(Dataset entries)
^^^^^^^^^^^^^^^^
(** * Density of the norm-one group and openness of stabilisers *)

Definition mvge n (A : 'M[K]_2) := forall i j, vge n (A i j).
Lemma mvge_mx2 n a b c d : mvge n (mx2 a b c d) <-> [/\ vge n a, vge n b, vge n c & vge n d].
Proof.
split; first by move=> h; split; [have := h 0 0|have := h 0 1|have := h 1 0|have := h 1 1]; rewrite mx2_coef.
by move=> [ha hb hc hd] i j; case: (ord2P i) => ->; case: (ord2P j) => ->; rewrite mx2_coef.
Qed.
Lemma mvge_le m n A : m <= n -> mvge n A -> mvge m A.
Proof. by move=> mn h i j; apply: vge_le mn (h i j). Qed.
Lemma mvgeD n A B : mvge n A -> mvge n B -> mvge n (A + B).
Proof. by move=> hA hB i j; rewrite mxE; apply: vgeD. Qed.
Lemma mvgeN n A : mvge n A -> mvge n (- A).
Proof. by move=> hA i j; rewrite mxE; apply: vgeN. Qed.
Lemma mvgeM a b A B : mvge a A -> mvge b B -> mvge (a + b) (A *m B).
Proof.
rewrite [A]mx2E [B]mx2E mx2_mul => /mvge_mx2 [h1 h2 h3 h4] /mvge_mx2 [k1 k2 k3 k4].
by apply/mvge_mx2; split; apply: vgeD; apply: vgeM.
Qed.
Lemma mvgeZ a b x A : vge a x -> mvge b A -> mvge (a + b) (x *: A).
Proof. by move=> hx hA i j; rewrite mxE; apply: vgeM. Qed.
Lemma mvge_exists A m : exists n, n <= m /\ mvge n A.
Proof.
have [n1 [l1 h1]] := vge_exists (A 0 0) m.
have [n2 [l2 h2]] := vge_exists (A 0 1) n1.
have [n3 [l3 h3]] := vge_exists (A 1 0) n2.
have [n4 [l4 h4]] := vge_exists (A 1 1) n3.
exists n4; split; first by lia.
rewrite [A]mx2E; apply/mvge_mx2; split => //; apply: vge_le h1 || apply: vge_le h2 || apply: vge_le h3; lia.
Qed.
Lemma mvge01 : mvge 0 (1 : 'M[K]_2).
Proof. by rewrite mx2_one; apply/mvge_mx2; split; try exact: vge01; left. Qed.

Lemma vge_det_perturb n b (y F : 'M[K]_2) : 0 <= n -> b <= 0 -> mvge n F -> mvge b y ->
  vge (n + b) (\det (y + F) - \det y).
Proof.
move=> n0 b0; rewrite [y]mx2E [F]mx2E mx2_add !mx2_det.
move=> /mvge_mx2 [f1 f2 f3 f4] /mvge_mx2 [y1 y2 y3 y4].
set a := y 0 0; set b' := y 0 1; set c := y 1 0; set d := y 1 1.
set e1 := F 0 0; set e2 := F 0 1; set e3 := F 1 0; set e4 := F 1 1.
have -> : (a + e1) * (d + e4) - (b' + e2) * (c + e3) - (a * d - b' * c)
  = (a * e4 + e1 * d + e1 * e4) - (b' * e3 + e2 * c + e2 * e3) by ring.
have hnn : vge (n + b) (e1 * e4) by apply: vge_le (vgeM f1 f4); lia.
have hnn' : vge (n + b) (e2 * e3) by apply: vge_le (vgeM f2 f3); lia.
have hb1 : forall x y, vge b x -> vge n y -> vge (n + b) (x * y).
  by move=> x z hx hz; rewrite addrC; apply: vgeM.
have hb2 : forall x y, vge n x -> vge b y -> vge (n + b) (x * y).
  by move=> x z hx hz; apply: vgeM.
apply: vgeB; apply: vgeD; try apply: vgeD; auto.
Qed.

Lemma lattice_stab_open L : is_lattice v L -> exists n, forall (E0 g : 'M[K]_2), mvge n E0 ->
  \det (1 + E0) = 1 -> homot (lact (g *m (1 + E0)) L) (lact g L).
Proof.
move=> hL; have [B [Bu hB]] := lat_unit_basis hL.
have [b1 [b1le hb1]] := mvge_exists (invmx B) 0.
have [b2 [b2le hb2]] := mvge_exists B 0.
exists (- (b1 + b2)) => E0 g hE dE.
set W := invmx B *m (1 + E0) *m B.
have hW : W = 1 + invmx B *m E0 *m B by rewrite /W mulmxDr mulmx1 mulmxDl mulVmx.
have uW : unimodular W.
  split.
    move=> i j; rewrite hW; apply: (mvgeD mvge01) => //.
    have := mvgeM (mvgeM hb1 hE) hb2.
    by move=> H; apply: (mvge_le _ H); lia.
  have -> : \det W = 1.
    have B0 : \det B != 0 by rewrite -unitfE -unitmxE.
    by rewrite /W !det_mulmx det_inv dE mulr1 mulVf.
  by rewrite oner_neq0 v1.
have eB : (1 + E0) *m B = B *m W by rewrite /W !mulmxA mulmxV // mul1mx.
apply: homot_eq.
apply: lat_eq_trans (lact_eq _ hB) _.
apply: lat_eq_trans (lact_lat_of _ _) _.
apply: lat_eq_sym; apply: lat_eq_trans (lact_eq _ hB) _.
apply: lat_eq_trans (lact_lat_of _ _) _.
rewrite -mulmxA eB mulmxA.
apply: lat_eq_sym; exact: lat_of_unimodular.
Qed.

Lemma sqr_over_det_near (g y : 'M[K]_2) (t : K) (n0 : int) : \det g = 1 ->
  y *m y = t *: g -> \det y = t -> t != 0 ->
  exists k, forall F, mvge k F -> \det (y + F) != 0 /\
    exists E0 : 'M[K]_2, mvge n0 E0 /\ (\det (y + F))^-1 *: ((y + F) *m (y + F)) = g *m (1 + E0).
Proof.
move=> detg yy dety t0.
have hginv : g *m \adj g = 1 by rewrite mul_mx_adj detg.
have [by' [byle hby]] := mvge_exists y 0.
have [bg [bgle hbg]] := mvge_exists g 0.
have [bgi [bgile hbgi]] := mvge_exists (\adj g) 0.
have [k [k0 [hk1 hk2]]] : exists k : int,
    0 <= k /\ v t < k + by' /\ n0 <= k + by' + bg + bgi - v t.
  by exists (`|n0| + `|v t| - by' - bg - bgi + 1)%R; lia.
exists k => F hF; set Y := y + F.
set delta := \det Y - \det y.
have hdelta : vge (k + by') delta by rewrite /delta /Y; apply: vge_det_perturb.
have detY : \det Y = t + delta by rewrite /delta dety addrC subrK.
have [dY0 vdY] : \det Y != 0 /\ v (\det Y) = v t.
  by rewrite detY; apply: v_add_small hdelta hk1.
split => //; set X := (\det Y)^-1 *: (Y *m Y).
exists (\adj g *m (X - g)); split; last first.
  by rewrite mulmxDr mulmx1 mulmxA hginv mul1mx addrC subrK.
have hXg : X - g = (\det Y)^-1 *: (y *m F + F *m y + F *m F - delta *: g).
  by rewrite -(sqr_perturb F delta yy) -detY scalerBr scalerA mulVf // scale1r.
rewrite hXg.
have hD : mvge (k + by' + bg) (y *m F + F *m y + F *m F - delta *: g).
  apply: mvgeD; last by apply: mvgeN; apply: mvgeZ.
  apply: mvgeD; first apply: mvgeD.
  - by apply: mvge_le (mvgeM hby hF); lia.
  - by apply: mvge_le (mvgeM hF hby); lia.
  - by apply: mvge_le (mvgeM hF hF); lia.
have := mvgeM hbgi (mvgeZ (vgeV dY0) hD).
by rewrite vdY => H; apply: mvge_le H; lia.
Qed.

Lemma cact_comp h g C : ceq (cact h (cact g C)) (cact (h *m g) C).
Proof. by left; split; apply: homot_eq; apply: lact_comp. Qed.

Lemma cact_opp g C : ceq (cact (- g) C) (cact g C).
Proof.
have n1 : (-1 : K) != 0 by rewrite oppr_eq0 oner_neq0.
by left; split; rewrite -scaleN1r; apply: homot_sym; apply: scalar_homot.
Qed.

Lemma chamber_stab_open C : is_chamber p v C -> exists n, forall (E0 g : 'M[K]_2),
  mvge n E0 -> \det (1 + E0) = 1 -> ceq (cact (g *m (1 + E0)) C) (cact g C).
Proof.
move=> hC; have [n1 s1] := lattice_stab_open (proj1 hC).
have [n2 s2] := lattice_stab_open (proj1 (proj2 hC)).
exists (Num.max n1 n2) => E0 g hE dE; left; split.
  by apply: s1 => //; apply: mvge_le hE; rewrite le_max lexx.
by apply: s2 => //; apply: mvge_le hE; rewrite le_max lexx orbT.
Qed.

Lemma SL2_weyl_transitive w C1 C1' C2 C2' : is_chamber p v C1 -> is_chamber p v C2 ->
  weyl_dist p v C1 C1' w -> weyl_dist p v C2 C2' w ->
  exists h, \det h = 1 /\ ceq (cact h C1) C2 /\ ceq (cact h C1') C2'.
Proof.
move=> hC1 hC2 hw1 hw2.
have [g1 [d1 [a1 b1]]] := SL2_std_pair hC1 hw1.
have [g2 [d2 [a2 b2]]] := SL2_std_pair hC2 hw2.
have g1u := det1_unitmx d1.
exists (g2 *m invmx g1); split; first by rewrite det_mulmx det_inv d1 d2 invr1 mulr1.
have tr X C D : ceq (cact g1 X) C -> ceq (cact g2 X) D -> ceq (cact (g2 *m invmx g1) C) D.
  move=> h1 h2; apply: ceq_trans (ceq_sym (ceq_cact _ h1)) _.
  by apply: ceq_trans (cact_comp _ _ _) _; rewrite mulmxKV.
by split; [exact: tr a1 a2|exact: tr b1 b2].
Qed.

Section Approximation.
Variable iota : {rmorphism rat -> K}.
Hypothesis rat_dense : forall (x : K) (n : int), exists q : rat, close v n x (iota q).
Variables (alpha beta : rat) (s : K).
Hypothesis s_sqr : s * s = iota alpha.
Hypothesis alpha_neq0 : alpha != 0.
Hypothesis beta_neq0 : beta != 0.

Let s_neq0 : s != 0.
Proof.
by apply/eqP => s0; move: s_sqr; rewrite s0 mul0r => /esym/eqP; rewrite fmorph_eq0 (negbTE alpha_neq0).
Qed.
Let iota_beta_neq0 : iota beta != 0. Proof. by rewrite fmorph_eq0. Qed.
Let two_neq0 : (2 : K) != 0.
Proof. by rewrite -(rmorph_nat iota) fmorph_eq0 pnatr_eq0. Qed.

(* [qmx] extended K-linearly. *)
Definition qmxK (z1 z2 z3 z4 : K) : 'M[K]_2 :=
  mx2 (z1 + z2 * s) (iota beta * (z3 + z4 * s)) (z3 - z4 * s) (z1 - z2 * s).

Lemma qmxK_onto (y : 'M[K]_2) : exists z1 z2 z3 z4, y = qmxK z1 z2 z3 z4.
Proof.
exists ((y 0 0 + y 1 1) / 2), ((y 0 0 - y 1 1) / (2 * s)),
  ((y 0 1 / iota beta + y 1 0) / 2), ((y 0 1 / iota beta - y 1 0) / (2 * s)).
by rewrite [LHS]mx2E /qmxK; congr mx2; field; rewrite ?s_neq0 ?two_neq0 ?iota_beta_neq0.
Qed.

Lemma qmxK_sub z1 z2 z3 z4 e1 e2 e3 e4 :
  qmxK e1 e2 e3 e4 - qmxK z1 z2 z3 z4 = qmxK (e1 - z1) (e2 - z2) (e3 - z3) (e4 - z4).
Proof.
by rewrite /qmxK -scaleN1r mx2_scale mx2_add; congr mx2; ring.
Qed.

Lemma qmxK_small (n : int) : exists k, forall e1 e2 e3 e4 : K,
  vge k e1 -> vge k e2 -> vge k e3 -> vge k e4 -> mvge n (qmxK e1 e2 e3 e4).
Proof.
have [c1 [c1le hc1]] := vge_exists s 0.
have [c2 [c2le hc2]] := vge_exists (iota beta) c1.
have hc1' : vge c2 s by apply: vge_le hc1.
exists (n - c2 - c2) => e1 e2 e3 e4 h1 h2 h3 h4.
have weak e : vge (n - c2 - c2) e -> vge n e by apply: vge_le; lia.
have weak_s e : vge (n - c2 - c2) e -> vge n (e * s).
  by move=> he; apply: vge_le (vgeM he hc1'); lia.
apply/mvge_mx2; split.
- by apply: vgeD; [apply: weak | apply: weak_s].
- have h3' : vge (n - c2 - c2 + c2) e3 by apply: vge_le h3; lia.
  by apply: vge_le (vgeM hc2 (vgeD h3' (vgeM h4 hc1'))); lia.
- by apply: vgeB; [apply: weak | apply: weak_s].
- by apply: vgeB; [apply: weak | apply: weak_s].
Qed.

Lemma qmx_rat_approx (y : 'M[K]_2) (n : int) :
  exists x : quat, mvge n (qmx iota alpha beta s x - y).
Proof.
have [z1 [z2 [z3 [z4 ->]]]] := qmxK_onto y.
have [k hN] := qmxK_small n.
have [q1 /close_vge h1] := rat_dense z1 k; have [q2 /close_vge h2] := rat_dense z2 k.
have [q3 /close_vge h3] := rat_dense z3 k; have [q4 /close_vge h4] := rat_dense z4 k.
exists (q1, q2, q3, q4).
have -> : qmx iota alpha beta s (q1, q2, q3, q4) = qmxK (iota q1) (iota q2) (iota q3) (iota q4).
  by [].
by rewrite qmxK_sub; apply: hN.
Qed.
^^^^^^^^^^^^^^^^
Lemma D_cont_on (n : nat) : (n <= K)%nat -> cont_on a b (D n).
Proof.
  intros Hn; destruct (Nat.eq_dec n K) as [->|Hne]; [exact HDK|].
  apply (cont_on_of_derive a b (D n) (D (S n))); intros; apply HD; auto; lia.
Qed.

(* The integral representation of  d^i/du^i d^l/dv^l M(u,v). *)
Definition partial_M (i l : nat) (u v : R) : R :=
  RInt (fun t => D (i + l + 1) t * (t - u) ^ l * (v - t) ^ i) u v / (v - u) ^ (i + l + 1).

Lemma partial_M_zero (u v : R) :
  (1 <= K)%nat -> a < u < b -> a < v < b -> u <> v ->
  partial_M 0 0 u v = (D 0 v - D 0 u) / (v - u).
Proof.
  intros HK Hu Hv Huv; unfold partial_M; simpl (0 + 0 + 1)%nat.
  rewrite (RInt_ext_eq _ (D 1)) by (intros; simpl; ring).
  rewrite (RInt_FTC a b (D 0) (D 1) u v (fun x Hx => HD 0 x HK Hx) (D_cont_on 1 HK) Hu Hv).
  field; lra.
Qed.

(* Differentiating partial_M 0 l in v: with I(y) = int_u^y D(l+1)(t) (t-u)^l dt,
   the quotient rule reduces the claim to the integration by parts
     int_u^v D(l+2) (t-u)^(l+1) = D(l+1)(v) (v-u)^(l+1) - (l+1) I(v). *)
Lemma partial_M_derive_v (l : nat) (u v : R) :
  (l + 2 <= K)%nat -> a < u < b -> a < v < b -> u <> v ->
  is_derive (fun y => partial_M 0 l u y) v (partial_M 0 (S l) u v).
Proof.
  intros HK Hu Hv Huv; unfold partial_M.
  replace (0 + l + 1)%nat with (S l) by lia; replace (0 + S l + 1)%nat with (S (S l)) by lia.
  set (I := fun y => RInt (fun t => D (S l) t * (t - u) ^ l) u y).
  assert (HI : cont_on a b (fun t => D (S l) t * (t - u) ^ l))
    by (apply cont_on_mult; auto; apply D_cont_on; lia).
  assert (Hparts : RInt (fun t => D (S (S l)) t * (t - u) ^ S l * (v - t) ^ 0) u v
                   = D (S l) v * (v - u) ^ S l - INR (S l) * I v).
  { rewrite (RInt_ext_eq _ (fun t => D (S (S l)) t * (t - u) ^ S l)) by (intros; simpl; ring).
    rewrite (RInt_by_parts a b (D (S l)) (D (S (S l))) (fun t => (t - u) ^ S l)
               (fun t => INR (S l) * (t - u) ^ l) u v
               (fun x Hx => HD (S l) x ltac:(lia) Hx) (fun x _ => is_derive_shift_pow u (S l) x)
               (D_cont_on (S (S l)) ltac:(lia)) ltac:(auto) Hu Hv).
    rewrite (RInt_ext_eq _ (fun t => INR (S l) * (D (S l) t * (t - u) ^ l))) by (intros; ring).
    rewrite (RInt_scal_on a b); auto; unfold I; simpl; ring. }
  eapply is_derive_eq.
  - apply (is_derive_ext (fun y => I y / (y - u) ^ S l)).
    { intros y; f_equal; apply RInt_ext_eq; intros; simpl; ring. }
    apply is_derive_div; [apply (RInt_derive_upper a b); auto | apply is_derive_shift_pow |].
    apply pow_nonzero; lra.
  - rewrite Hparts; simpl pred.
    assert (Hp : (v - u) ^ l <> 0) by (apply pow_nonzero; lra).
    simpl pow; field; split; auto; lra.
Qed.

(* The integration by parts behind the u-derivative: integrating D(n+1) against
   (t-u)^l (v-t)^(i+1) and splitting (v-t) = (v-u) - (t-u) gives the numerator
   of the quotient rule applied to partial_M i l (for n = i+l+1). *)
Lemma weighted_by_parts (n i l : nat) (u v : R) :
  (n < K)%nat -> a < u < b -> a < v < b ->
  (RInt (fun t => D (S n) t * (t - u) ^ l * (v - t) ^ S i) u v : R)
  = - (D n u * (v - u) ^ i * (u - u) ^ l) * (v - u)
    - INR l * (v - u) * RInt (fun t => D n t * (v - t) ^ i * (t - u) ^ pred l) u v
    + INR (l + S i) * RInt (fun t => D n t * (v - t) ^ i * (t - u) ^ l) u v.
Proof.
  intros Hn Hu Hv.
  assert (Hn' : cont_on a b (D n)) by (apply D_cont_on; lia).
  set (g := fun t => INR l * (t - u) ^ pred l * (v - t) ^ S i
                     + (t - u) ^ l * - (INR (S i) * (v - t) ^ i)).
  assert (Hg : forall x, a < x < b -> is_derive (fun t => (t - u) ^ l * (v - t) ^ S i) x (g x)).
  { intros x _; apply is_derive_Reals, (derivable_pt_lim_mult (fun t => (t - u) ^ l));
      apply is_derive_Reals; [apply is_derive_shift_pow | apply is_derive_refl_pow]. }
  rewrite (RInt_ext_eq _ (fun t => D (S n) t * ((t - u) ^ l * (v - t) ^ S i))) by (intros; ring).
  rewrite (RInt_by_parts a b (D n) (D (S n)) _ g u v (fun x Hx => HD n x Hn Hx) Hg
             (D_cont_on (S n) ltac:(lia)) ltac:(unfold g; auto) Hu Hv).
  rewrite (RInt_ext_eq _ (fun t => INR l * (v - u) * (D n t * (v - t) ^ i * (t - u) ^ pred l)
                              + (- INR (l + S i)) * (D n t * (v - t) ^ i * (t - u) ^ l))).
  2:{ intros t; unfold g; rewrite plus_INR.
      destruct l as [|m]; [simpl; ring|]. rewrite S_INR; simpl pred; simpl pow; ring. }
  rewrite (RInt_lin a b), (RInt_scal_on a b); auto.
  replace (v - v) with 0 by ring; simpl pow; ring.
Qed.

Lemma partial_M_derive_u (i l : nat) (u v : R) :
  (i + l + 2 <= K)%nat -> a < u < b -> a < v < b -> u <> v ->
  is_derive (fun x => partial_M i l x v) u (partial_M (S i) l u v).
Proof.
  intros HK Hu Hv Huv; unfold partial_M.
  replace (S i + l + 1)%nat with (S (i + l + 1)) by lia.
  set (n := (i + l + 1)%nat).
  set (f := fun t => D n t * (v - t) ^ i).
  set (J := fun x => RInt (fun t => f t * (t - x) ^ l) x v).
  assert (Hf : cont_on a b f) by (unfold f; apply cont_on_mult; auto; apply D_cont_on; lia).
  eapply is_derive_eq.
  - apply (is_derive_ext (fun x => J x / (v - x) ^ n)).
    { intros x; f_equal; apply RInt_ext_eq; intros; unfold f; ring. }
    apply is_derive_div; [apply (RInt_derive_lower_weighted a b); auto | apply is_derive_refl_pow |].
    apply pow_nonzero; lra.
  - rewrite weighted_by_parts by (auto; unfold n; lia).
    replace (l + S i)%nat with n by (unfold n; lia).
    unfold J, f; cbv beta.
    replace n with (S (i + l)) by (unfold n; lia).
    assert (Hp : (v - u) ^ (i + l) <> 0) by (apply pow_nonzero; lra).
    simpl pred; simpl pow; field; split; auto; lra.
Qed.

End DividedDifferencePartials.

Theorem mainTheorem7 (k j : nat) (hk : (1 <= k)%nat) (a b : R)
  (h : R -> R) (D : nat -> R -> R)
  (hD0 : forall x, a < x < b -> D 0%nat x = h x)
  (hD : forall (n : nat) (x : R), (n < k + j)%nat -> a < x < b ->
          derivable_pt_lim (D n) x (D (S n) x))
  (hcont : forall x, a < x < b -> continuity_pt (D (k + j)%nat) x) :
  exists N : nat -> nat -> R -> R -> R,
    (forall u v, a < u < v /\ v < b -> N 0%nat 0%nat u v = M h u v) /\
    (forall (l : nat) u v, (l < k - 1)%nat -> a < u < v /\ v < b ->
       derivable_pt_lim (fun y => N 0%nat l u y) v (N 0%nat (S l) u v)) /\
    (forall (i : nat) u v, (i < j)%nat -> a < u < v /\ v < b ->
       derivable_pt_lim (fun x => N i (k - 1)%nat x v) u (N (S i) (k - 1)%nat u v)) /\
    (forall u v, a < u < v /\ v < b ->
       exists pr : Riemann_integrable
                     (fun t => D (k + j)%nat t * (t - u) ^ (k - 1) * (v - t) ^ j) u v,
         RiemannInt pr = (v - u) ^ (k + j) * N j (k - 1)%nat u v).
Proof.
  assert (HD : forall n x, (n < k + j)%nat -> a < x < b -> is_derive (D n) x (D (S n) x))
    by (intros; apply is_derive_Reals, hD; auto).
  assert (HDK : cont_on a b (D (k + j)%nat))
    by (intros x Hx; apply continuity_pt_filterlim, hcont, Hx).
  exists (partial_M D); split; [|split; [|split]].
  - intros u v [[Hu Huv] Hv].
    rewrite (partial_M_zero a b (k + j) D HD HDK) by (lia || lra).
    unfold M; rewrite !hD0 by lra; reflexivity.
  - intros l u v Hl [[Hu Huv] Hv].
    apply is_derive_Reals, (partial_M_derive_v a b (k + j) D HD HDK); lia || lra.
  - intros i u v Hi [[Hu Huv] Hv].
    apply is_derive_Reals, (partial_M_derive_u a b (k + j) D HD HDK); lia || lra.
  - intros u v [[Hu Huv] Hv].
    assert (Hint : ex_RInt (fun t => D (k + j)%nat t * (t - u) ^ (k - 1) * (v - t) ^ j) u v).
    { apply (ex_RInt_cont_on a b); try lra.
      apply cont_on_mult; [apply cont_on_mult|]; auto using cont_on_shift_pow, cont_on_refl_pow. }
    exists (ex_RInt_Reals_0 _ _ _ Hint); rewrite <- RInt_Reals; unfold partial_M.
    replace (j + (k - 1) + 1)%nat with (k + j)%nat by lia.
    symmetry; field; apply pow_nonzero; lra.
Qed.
^^^^^^^^^^^^^^^^
TASK DESCRIPTION: Wherever the string "hbgi" appears in the entries above, list that line.

EXERCISE ANSWER:
have [bgi [bgile hbgi]] := mvge_exists (\adj g) 0.
have := mvgeM hbgi (mvgeZ (vgeV dY0) hD).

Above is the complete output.